ABOUT THIS TASK: After locating the line that contains "plus binary products), subsemigroups" in the data below, set down exactly that line and each one after it through the line that contains "pv_gen (fun T => exists2 V, X V & V T).", and nothing more.

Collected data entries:

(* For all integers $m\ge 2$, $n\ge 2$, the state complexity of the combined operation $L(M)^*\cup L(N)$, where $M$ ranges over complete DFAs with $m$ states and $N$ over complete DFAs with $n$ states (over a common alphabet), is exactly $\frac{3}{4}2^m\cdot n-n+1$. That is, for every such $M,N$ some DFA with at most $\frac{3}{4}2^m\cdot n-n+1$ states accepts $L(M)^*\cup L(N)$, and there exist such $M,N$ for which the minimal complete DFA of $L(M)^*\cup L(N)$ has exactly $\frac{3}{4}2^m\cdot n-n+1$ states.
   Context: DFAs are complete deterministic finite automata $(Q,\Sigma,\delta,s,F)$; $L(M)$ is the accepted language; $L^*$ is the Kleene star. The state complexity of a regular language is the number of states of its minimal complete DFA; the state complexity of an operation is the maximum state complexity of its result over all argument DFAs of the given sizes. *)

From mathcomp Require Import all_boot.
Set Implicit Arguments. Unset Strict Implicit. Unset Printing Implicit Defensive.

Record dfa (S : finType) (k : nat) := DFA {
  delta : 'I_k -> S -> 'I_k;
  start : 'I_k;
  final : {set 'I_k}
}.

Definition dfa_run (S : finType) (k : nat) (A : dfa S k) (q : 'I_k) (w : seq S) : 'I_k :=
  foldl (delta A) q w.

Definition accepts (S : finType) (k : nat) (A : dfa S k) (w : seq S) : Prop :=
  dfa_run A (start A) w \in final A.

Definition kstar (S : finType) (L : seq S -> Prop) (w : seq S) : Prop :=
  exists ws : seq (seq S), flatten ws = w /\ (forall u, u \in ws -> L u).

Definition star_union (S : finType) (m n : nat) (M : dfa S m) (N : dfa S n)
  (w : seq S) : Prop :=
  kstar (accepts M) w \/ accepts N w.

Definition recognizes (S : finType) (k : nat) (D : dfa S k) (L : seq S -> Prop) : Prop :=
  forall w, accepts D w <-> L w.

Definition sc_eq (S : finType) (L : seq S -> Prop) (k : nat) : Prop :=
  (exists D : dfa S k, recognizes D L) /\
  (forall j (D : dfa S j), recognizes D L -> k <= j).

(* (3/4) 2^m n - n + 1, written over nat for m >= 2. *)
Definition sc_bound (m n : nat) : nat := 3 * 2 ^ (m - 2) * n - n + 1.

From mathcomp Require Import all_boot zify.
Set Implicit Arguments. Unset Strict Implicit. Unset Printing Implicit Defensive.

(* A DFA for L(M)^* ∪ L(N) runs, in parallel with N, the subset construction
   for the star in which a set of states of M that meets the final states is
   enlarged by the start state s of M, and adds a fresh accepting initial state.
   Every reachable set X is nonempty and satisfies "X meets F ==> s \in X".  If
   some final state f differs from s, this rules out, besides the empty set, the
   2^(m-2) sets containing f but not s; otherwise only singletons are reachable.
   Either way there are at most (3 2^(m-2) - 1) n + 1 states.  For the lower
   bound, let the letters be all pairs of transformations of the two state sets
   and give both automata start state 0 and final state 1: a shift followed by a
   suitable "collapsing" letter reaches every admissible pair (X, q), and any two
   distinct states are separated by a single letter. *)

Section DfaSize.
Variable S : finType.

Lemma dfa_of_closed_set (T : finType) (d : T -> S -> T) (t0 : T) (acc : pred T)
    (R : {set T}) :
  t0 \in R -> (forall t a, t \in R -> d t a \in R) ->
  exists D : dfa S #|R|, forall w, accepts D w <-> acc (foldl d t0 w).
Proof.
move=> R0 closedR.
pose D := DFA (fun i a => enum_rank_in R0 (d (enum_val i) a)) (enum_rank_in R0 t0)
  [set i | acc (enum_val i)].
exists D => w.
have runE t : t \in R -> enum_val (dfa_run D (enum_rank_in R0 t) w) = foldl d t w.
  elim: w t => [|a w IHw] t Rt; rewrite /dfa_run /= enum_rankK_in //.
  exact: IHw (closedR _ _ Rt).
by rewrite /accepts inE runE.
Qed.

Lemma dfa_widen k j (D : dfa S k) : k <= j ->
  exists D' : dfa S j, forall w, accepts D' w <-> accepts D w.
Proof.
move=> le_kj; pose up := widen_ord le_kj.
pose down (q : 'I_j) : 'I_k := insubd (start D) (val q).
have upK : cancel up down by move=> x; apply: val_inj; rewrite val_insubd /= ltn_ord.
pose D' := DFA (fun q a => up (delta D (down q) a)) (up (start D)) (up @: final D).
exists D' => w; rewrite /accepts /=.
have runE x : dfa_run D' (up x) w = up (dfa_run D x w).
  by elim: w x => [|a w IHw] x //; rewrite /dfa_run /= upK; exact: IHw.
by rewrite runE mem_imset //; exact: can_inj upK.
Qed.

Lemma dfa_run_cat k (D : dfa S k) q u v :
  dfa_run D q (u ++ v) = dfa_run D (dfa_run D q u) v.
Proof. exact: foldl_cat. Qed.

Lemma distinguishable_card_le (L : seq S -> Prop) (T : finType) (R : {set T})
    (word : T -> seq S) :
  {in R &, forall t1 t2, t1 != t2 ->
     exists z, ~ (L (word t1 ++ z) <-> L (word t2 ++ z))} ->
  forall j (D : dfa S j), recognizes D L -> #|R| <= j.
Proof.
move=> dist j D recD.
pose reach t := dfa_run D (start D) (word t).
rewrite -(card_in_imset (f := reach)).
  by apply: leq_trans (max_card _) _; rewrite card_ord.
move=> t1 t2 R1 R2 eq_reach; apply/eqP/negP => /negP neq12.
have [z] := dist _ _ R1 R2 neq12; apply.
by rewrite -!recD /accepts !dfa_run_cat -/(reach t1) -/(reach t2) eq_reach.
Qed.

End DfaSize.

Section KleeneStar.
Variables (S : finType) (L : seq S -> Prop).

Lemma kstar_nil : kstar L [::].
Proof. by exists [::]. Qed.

---

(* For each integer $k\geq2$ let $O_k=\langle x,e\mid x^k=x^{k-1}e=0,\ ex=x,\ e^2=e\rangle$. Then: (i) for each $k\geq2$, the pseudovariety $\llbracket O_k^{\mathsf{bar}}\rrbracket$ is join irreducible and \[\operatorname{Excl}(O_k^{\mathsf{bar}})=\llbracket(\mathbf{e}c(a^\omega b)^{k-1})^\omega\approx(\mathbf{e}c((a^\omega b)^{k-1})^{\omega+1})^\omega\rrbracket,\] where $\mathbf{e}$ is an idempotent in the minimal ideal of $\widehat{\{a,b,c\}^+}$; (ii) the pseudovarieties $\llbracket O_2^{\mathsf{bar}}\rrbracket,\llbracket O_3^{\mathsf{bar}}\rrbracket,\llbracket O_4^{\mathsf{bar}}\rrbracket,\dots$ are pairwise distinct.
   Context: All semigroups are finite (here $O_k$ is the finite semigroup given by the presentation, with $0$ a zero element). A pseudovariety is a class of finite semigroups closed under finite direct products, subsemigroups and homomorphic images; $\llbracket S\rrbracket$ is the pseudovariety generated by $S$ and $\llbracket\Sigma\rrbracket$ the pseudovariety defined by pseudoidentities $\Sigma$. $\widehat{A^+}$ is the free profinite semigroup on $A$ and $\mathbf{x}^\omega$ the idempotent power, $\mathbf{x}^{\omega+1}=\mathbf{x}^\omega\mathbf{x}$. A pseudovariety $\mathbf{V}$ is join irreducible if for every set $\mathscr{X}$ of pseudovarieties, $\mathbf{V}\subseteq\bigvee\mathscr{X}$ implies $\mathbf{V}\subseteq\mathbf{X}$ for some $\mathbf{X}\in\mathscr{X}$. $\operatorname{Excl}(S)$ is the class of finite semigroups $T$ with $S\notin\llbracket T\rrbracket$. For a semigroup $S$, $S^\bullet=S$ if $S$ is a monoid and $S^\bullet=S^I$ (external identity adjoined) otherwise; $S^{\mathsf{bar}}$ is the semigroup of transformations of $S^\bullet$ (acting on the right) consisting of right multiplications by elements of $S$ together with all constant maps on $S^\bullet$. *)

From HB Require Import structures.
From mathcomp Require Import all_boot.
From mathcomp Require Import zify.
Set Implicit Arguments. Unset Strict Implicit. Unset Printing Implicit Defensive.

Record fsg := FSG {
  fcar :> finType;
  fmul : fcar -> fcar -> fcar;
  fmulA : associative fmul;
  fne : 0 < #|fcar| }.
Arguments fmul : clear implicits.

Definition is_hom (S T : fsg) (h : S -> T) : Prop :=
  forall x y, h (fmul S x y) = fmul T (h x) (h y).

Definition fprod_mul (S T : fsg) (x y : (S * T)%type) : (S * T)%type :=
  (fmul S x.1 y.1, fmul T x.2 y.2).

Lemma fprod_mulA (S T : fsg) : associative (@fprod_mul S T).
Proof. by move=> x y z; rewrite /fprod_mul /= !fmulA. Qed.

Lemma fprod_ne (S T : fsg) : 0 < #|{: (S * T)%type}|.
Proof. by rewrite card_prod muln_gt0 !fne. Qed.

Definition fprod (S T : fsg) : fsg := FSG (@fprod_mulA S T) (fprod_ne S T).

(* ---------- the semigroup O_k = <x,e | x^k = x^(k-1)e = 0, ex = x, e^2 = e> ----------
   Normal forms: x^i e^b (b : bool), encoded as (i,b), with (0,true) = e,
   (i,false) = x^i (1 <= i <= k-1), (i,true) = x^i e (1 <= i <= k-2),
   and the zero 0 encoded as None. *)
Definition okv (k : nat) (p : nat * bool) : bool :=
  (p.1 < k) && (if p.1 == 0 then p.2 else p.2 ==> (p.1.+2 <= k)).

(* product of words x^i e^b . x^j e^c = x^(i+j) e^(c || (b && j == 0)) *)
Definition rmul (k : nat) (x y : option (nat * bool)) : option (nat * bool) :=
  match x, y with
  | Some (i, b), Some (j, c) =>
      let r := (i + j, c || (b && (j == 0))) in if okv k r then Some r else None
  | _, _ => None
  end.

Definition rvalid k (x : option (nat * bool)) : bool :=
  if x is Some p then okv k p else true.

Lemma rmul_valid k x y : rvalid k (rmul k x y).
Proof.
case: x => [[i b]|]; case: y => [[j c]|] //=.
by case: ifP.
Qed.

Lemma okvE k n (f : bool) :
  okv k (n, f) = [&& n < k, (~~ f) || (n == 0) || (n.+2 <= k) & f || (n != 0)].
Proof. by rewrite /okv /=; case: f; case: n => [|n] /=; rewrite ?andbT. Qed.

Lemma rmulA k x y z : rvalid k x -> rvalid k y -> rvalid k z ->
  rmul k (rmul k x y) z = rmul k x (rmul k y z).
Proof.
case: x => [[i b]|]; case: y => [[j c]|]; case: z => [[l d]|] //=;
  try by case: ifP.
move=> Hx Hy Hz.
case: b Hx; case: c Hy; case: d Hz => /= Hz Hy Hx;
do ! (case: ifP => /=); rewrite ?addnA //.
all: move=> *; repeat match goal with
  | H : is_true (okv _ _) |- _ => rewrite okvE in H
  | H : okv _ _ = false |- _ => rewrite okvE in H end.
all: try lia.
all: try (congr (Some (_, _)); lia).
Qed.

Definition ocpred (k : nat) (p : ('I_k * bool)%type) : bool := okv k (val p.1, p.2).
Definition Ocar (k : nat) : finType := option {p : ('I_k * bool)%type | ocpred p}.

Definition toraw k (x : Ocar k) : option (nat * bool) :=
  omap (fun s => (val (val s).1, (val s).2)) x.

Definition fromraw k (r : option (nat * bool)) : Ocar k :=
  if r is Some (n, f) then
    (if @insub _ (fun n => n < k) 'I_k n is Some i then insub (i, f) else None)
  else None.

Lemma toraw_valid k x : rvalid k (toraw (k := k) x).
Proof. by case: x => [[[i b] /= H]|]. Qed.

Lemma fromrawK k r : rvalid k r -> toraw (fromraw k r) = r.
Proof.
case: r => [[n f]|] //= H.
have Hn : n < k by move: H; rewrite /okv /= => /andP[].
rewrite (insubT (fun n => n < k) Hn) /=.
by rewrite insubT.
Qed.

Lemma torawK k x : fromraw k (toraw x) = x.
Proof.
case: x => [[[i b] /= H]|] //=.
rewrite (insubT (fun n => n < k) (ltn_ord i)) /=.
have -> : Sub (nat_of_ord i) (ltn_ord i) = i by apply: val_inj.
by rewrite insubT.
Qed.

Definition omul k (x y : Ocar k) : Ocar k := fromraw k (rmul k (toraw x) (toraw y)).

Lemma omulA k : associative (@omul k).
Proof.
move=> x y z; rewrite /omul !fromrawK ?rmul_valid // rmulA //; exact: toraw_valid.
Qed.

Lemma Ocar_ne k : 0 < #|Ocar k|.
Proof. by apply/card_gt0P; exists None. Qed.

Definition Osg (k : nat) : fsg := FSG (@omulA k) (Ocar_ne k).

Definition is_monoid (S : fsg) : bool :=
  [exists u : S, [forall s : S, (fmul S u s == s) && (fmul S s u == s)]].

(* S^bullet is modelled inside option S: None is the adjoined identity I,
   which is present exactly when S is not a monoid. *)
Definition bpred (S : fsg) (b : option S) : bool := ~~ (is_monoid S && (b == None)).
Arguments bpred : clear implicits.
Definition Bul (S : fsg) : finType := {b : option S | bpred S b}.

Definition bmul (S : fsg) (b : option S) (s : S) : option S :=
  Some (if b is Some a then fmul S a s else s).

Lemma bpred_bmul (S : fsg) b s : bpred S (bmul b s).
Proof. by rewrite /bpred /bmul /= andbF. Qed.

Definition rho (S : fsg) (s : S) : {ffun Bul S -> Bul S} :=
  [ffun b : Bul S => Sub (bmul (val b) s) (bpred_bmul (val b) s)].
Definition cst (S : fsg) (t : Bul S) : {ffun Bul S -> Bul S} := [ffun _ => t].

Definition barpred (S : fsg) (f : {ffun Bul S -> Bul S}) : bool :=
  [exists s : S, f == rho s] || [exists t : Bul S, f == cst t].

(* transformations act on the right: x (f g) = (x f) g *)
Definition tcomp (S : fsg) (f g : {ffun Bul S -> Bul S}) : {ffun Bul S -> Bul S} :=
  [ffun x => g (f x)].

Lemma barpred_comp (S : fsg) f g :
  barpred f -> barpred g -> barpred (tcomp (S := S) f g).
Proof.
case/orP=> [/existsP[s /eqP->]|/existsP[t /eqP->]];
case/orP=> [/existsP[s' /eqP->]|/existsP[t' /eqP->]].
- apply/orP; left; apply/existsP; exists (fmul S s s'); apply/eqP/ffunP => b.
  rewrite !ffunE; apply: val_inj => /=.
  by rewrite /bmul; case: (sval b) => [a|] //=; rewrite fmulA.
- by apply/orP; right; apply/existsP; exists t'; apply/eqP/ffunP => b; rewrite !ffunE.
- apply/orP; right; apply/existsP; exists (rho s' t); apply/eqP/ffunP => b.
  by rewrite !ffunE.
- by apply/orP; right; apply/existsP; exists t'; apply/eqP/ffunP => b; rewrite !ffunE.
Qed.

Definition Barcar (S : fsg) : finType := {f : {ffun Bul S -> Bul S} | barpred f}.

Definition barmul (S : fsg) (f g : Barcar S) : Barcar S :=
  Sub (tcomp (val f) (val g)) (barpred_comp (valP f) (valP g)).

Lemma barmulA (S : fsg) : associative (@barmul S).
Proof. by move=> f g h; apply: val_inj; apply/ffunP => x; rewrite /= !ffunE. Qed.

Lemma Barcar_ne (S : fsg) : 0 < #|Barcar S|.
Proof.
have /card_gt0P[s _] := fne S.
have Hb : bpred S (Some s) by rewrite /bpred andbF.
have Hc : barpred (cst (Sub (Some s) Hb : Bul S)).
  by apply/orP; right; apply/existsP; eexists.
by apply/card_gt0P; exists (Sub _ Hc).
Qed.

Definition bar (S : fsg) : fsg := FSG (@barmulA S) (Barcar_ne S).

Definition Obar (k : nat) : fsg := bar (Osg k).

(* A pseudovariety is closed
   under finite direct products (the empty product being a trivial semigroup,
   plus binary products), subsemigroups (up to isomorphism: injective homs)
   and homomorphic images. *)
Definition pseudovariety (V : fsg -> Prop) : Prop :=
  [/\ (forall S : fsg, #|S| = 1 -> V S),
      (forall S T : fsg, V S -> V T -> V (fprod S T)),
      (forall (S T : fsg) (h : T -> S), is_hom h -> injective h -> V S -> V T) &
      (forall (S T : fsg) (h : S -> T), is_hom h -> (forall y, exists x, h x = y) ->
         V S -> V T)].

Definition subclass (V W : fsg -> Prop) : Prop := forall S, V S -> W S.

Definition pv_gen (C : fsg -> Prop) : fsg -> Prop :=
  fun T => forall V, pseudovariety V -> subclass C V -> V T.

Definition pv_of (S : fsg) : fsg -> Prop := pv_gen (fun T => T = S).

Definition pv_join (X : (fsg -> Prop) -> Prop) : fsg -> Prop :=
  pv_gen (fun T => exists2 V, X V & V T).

---

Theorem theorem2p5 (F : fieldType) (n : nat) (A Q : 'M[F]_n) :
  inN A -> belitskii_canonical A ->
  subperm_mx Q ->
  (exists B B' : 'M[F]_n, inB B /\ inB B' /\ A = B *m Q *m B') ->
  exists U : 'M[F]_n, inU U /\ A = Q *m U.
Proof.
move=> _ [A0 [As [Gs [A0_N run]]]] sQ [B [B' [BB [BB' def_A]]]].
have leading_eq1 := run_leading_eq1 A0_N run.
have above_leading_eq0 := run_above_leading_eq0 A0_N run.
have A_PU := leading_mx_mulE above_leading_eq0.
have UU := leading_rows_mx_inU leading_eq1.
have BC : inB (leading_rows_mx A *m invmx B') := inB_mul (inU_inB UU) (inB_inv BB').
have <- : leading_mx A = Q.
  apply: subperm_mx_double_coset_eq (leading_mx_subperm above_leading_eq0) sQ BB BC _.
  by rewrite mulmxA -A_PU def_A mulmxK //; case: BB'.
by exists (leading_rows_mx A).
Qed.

EXERCISE OUTPUT:
   plus binary products), subsemigroups (up to isomorphism: injective homs)
   and homomorphic images. *)
Definition pseudovariety (V : fsg -> Prop) : Prop :=
  [/\ (forall S : fsg, #|S| = 1 -> V S),
      (forall S T : fsg, V S -> V T -> V (fprod S T)),
      (forall (S T : fsg) (h : T -> S), is_hom h -> injective h -> V S -> V T) &
      (forall (S T : fsg) (h : S -> T), is_hom h -> (forall y, exists x, h x = y) ->
         V S -> V T)].

Definition subclass (V W : fsg -> Prop) : Prop := forall S, V S -> W S.

Definition pv_gen (C : fsg -> Prop) : fsg -> Prop :=
  fun T => forall V, pseudovariety V -> subclass C V -> V T.

Definition pv_of (S : fsg) : fsg -> Prop := pv_gen (fun T => T = S).

Definition pv_join (X : (fsg -> Prop) -> Prop) : fsg -> Prop :=
  pv_gen (fun T => exists2 V, X V & V T).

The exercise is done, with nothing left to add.